Department of Cell Biology and Cancer Science, B. Rappaport Faculty of Medicine, Technion-Israel Institute of Technology, 7th Efron St., Bat-Galim, Haifa 31096, Israel.
Biomedical Core Facility, B. Rappaport Faculty of Medicine, Technion-Israel Institute of Technology, Haifa, Israel.
Cardiovasc Res. 2017 Feb;113(2):134-146. doi: 10.1093/cvr/cvw228. Epub 2016 Nov 7.
Obesity and type 2 diabetes (T2D) trigger a harmful stress-induced cardiac remodeling process known as cardiomyopathy. These diseases represent a serious and widespread health problem in the Western world; however the underlying molecular basis is not clear. ATF3 is an 'immediate early' gene whose expression is highly and transiently induced in response to multiple stressors such as metabolic, oxidative, endoplasmic reticulum and inflammation, stressors that are involved in T2D cardiomyopathy. The role of ATF3 in diabetic cardiomyopathy is currently unknown. Our research has aimed to study the effect of ATF3 expression on cardiomyocytes, heart function and glucose homeostasis in an obesity-induced T2D mouse model.
We used wild type mice (WT) as well as mutant mice with a cardiac-specific ATF3 deficiency (ATF3-cKO). Mice were fed a high-fat diet (HFD) for 15 weeks. HFD induced high ATF3 expression in cardiomyocytes. Mice were examined for cardiac remodeling processes and the diabetic state was assessed. HFD-fed ATF3-cKO mice exhibited severe cardiac fibrosis, higher levels of heart hypertrophic markers, increased inflammation and worse cardiac function, as compared to WT mice. Interestingly, HFD-fed ATF3-cKO mice display increased hyperglycemia and reduced glucose tolerance, despite higher blood insulin levels, as compared to HFD-fed WT mice. Elevated levels of the cardiac inflammatory cytokines IL-6 and TNFα leading to impaired insulin signalling may partially explain the peripheral glucose intolerance.

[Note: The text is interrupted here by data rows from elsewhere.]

Lemma discriminant_le a b c :
  0 <= a -> (forall t, 0 <= t * t * a - 2 * t * b + c) -> b * b <= a * c.
Proof.
  intros a_ge0 quad. destruct (Req_dec a 0) as [a0|a_ne0].
  - subst a. destruct (Req_dec b 0) as [b0|b_ne0]; [subst b; lra|].
    specialize (quad ((c + 1) / (2 * b))).
    replace ((c + 1) / (2 * b) * ((c + 1) / (2 * b)) * 0 - 2 * ((c + 1) / (2 * b)) * b + c)
      with (-1) in quad by (field; exact b_ne0). lra.
  - specialize (quad (b / a)).
    replace (b / a * (b / a) * a - 2 * (b / a) * b + c) with ((a * c - b * b) / a) in quad
      by (field; exact a_ne0).
    apply Rmult_le_compat_r with (r := a) in quad; [|lra].
    unfold Rdiv in quad. rewrite Rmult_assoc, Rinv_l, Rmult_1_r in quad by exact a_ne0. lra.
Qed.

Lemma le_sqrt_mult c A B : 0 <= A -> 0 <= B -> c * c <= A * B -> c <= sqrt A * sqrt B.
Proof.
  intros A_ge0 B_ge0 H. rewrite <- sqrt_mult by assumption.
  apply Rle_trans with (Rabs c); [apply Rle_abs|].
  rewrite <- sqrt_Rsqr_abs. apply sqrt_le_1_alt. exact H.
Qed.

(* Proves an identity between inner products that holds coordinatewise as a ring identity. *)
Ltac dot_ring p :=
  unfold dot; generalize p; let q := fresh in intro q; induction q; simpl; [ring | lra].

Section InnerProduct.
Variable p : nat.

Lemma dot_scale_l a x y : dot p (vscale a x) y = a * dot p x y.
Proof. unfold vscale; dot_ring p. Qed.
Lemma dot_scale_r a x y : dot p x (vscale a y) = a * dot p x y.
Proof. unfold vscale; dot_ring p. Qed.
Lemma dot_sub_l x y z : dot p (vsub x y) z = dot p x z - dot p y z.
Proof. unfold vsub; dot_ring p. Qed.

Lemma dot_nonneg x : 0 <= dot p x x.
Proof. apply rsum_nonneg; intros; nra. Qed.

Lemma dot_cauchy_schwarz x y : dot p x y * dot p x y <= dot p x x * dot p y y.
Proof.
  apply discriminant_le; [apply dot_nonneg|]. intros t.
  replace (t * t * dot p x x - 2 * t * dot p x y + dot p y y)
    with (dot p (vsub (vscale t x) y) (vsub (vscale t x) y))
    by (unfold vsub, vscale; dot_ring p).
  apply dot_nonneg.
Qed.

Lemma dot_le_vnorm x y : dot p x y <= vnorm p x * vnorm p y.
Proof. apply le_sqrt_mult; [apply dot_nonneg | apply dot_nonneg | apply dot_cauchy_schwarz]. Qed.

Lemma dot_isotropic_l x y : dot p x x = 0 -> dot p x y = 0.
Proof. intros x0. pose proof (dot_cauchy_schwarz x y) as CS. rewrite x0 in CS. nra. Qed.

Lemma vnorm_nonneg x : 0 <= vnorm p x.
Proof. apply sqrt_pos. Qed.

Lemma vnorm_sq x : vnorm p x ^ 2 = dot p x x.
Proof. unfold vnorm. rewrite <- Rsqr_pow2. apply Rsqr_sqrt, dot_nonneg. Qed.

Lemma vnorm_scale a x : vnorm p (vscale a x) = Rabs a * vnorm p x.
Proof.
  unfold vnorm. rewrite dot_scale_l, dot_scale_r, <- Rmult_assoc, <- sqrt_Rsqr_abs.
  apply sqrt_mult; [apply Rle_0_sqr | apply dot_nonneg].
Qed.

End InnerProduct.

Section StackedNorm.
Variables n p : nat.

Definition sdot (X Y : nat -> vec) : R := rsum n (fun i => dot p (X i) (Y i)).

Lemma snorm_sdot X : snorm n p X = sqrt (sdot X X).
Proof. reflexivity. Qed.

Lemma sdot_nonneg X : 0 <= sdot X X.
Proof. apply rsum_nonneg; intros; apply dot_nonneg. Qed.

Lemma sdot_cauchy_schwarz X Y : sdot X Y * sdot X Y <= sdot X X * sdot Y Y.
Proof.
  apply discriminant_le; [apply sdot_nonneg|]. intros t.
  set (Z := fun i => vsub (vscale t (X i)) (Y i)).
  replace (t * t * sdot X X - 2 * t * sdot X Y + sdot Y Y) with (sdot Z Z); [apply sdot_nonneg|].
  unfold sdot, Z. induction n as [|m IH]; simpl; [ring|]. rewrite IH.
  unfold vsub, vscale, dot. clear IH. induction p as [|q IHq]; simpl; [ring | lra].
Qed.

Lemma snorm_add X Y : snorm n p (fun i => vadd (X i) (Y i)) <= snorm n p X + snorm n p Y.
Proof.
  rewrite !snorm_sdot.
  assert (expand : sdot (fun i => vadd (X i) (Y i)) (fun i => vadd (X i) (Y i)) =
                   sdot X X + 2 * sdot X Y + sdot Y Y).
  { unfold sdot. induction n as [|m IH]; simpl; [ring|]. rewrite IH.
    unfold vadd, dot. clear IH. induction p as [|q IHq]; simpl; [ring | lra]. }
  pose proof (sdot_nonneg X) as XX_ge0. pose proof (sdot_nonneg Y) as YY_ge0.
  pose proof (le_sqrt_mult _ _ _ XX_ge0 YY_ge0 (sdot_cauchy_schwarz X Y)).
  rewrite expand, <- (sqrt_square (sqrt (sdot X X) + sqrt (sdot Y Y)))
    by (pose proof (sqrt_pos (sdot X X)); pose proof (sqrt_pos (sdot Y Y)); lra).
  apply sqrt_le_1_alt.
  replace ((sqrt (sdot X X) + sqrt (sdot Y Y)) * (sqrt (sdot X X) + sqrt (sdot Y Y)))
    with (sqrt (sdot X X) * sqrt (sdot X X) + 2 * (sqrt (sdot X X) * sqrt (sdot Y Y))
          + sqrt (sdot Y Y) * sqrt (sdot Y Y)) by ring.
  rewrite !sqrt_sqrt by assumption. lra.
Qed.

Lemma snorm_ssub_triangle X Y Z :
  snorm n p (ssub X Z) <= snorm n p (ssub X Y) + snorm n p (ssub Y Z).
Proof.
  replace (ssub X Z) with (fun i => vadd (ssub X Y i) (ssub Y Z i)); [apply snorm_add|].
  do 2 (apply functional_extensionality; intro). unfold ssub, vadd, vsub. ring.
Qed.

Lemma snorm_le_local c X Y : 0 <= c ->
  (forall i, (i < n)%nat -> dot p (X i) (X i) <= c ^ 2 * dot p (Y i) (Y i)) ->
  snorm n p X <= c * snorm n p Y.
Proof.
  intros c_ge0 local. rewrite !snorm_sdot, <- (sqrt_pow2 c c_ge0), <- sqrt_mult
    by (apply pow2_ge_0 || apply sdot_nonneg).
  apply sqrt_le_1_alt. unfold sdot. rewrite <- rsum_scal. apply rsum_le, local.
Qed.

Lemma snorm_opp X : snorm n p (fun i => vscale (-1) (X i)) = snorm n p X.
Proof.
  unfold snorm. f_equal. apply rsum_ext; intros i _.
  rewrite dot_scale_l, dot_scale_r. ring.
Qed.

Lemma snorm_ssub_le X Y : snorm n p (ssub X Y) <= snorm n p X + snorm n p Y.
Proof.
  replace (ssub X Y) with (fun i => vadd (X i) (vscale (-1) (Y i))).
  - rewrite <- (snorm_opp Y). apply snorm_add.
  - do 2 (apply functional_extensionality; intro). unfold ssub, vadd, vsub, vscale. ring.
Qed.

Lemma snorm_le_ssub_add X Y : snorm n p X <= snorm n p (ssub X Y) + snorm n p Y.
Proof.
  replace X with (fun i => vadd (ssub X Y i) (Y i)) at 1; [apply snorm_add|].
  do 2 (apply functional_extensionality; intro). unfold ssub, vadd, vsub. ring.
Qed.

End StackedNorm.

Section FirstOrderCalculus.
Variables (p : nat) (f : vec -> R) (g : vec -> vec).
Hypothesis f_grad : is_gradient p f g.

Lemma gradient_taylor x d eps : 0 < eps -> exists th0, 0 < th0 /\
  forall th, 0 < th <= th0 ->
    Rabs (f (vadd x (vscale th d)) - f x - th * dot p (g x) d) <= th * eps.
Proof.
  intros eps_pos. set (nd := vnorm p d).
  assert (nd_ge0 : 0 <= nd) by apply vnorm_nonneg.
  destruct (f_grad x (eps / (nd + 1))) as [del [del_pos Hdel]].
  { apply Rdiv_lt_0_compat; lra. }
  exists (del / (nd + 1)). split; [apply Rdiv_lt_0_compat; lra|].
  intros th [th_pos th_le].
  assert (norm_h : vnorm p (vscale th d) = th * nd)
    by (rewrite vnorm_scale, Rabs_right by lra; reflexivity).
  assert (small : th * nd < del).
  { apply Rmult_le_compat_r with (r := nd + 1) in th_le; [|lra].
    unfold Rdiv in th_le. rewrite Rmult_assoc, Rinv_l, Rmult_1_r in th_le by lra. nra. }
  rewrite <- norm_h in small. specialize (Hdel _ small).
  rewrite dot_scale_r, norm_h in Hdel. eapply Rle_trans; [exact Hdel|].
  assert (eps / (nd + 1) * nd <= eps).
  { apply Rmult_le_reg_r with (nd + 1); [lra|]. unfold Rdiv.
    replace (eps * / (nd + 1) * nd * (nd + 1)) with (eps * nd) by (field; lra). nra. }
  nra.
Qed.

Variable mu : R.
Hypotheses (mu_ge0 : 0 <= mu) (f_sc : strongly_convex p mu f).

Lemma strongly_convex_first_order x z :
  f x + dot p (g x) (vsub z x) + mu / 2 * dot p (vsub z x) (vsub z x) <= f z.
Proof.
  set (d := vsub z x). set (Nd := dot p d d). set (gd := dot p (g x) d).
  assert (Nd_ge0 : 0 <= Nd) by apply dot_nonneg.
  apply Rle_plus_epsilon. intros eps eps_pos.
  destruct (gradient_taylor x d (eps / 2)) as [th0 [th0_pos taylor]]; [lra|].
  set (th := Rmin th0 (Rmin 1 (eps / (mu * Nd + 1)))).
  assert (th_pos : 0 < th).
  { apply Rmin_glb_lt; [lra|]. apply Rmin_glb_lt; [lra|]. apply Rdiv_lt_0_compat; nra. }
  assert (th_le1 : th <= 1) by (eapply Rle_trans; [apply Rmin_r | apply Rmin_l]).
  assert (th_small : th * (mu * Nd) <= eps).
  { assert (th <= eps / (mu * Nd + 1)) by (eapply Rle_trans; [apply Rmin_r | apply Rmin_r]).
    apply Rmult_le_compat_r with (r := mu * Nd + 1) in H; [|nra].
    unfold Rdiv in H. rewrite Rmult_assoc, Rinv_l, Rmult_1_r in H by nra. nra. }
  specialize (taylor th (conj th_pos (Rmin_l _ _))).
  fold gd in taylor.
  pose proof (Rle_abs (- (f (vadd x (vscale th d)) - f x - th * gd))) as lower.
  rewrite Rabs_Ropp in lower.
  specialize (f_sc z x th (conj (Rlt_le _ _ th_pos) th_le1)).
  replace (vadd (vscale th z) (vscale (1 - th) x)) with (vadd x (vscale th d)) in f_sc
    by (apply functional_extensionality; intro l; unfold d, vadd, vscale, vsub; ring).
  rewrite vnorm_sq in f_sc. fold d Nd in f_sc.
  (* dividing [th * gd - th * eps / 2 <= th * (f z - f x) - mu / 2 * th * (1 - th) * Nd] by th *)
  assert (th * (th * (mu * Nd)) <= th * eps) by (apply Rmult_le_compat_l; lra).
  apply Rmult_le_reg_l with th; [exact th_pos|]. lra.
Qed.

Variable L : R.
Hypotheses (L_pos : 0 < L) (g_lip : lipschitz_grad p L g).

Lemma dot_grad_shift_le x d s : 0 <= s ->
  dot p (vsub (g (vadd x (vscale s d))) (g x)) d <= L * s * dot p d d.
Proof.
  intros s_ge0. eapply Rle_trans; [apply dot_le_vnorm|].
  pose proof (g_lip (vadd x (vscale s d)) x) as lip.
  replace (vsub (vadd x (vscale s d)) x) with (vscale s d) in lip
    by (apply functional_extensionality; intro l; unfold vsub, vadd, vscale; ring).
  rewrite vnorm_scale, Rabs_right in lip by lra.
  rewrite <- vnorm_sq. pose proof (vnorm_nonneg p d). nra.
Qed.

Lemma descent_lemma_approx x z N : (0 < N)%nat ->
  f z <= f x + dot p (g x) (vsub z x) + L / 2 * dot p (vsub z x) (vsub z x)
         + L * dot p (vsub z x) (vsub z x) / (2 * INR N).
Proof.
  intros N_pos. set (d := vsub z x). set (Nd := dot p d d). set (gd := dot p (g x) d).
  assert (N_gt0 : 0 < INR N) by (apply lt_0_INR; exact N_pos).
  set (h := / INR N). assert (h_pos : 0 < h) by (apply Rinv_0_lt_compat; exact N_gt0).
  set (pt := fun K : nat => vadd x (vscale (INR K * h) d)).
  (* chaining the first-order convexity inequality along the grid x = pt 0, ..., pt N = z *)
  assert (along : forall K,
    f (pt K) <= f x + INR K * h * gd + L * Nd * h ^ 2 * INR K * (INR K + 1) / 2).
  { induction K as [|K IH].
    - replace (pt 0%nat) with x
        by (apply functional_extensionality; intro l; unfold pt, vadd, vscale; simpl; ring).
      simpl; lra.
    - pose proof (strongly_convex_first_order (pt (S K)) (pt K)) as chord.
      replace (vsub (pt K) (pt (S K))) with (vscale (- h) d) in chord
        by (apply functional_extensionality; intro l; unfold pt, vsub, vadd, vscale;
            rewrite S_INR; ring).
      assert (0 <= mu / 2 * dot p (vscale (- h) d) (vscale (- h) d))
        by (apply Rmult_le_pos; [lra | apply dot_nonneg]).
      pose proof (dot_grad_shift_le x d (INR (S K) * h)) as shift.
      change (vadd x (vscale (INR (S K) * h) d)) with (pt (S K)) in shift.
      rewrite dot_sub_l in shift. fold gd Nd in shift.
      apply (Rmult_le_compat_l h) in shift; [|lra | apply Rmult_le_pos; [apply pos_INR | lra]].
      rewrite dot_scale_r in chord. rewrite S_INR in *. lra. }
  specialize (along N).
  replace (pt N) with z in along
    by (apply functional_extensionality; intro l; unfold pt, d, h, vadd, vscale, vsub;
        field; lra).
  replace (INR N * h) with 1 in along by (unfold h; field; lra).
  replace (L * Nd * h ^ 2 * INR N * (INR N + 1) / 2) with (L / 2 * Nd + L * Nd / (2 * INR N))
    in along by (unfold h; field; lra).
  lra.
Qed.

Cardiac ATF3 has a protective role in dampening the HFD-induced cardiac remodeling processes. ATF3 exerts both local and systemic effects related to T2D-induced cardiomyopathy. This study provides a strong relationship between heart remodeling processes and blood glucose homeostasis.
肥胖和 2 型糖尿病(T2D)引发一种有害的应激诱导性心脏重构过程,即心肌病。这些疾病在西方世界是一个严重且普遍的健康问题,但潜在的分子基础尚不清楚。ATF3 是一种“早期即刻”基因,其表达在多种应激源(如代谢、氧化、内质网和炎症)作用下高度且短暂地被诱导,这些应激源与 T2D 心肌病有关。ATF3 在糖尿病性心肌病中的作用尚不清楚。我们的研究旨在研究 ATF3 表达对肥胖诱导的 T2D 小鼠模型中心肌细胞、心脏功能和葡萄糖稳态的影响。
我们使用野生型(WT)小鼠以及心脏特异性 ATF3 缺陷(ATF3-cKO)的突变型小鼠。小鼠喂食高脂肪饮食(HFD)15 周。HFD 诱导心肌细胞中 ATF3 的高表达。检查小鼠的心脏重构过程并评估糖尿病状态。与 WT 小鼠相比,HFD 喂养的 ATF3-cKO 小鼠表现出严重的心肌纤维化、更高的心脏肥大标志物水平、增加的炎症和更差的心脏功能。有趣的是,与 HFD 喂养的 WT 小鼠相比,HFD 喂养的 ATF3-cKO 小鼠表现出更高的高血糖和葡萄糖耐量降低,尽管血液胰岛素水平升高。升高的心脏炎性细胞因子 IL-6 和 TNFα 导致胰岛素信号受损,可能部分解释了外周葡萄糖耐量降低。
心脏 ATF3 在抑制 HFD 诱导的心脏重构过程中具有保护作用。ATF3 发挥与 T2D 诱导性心肌病相关的局部和全身作用。这项研究提供了心脏重构过程与血糖稳态之间的紧密关系。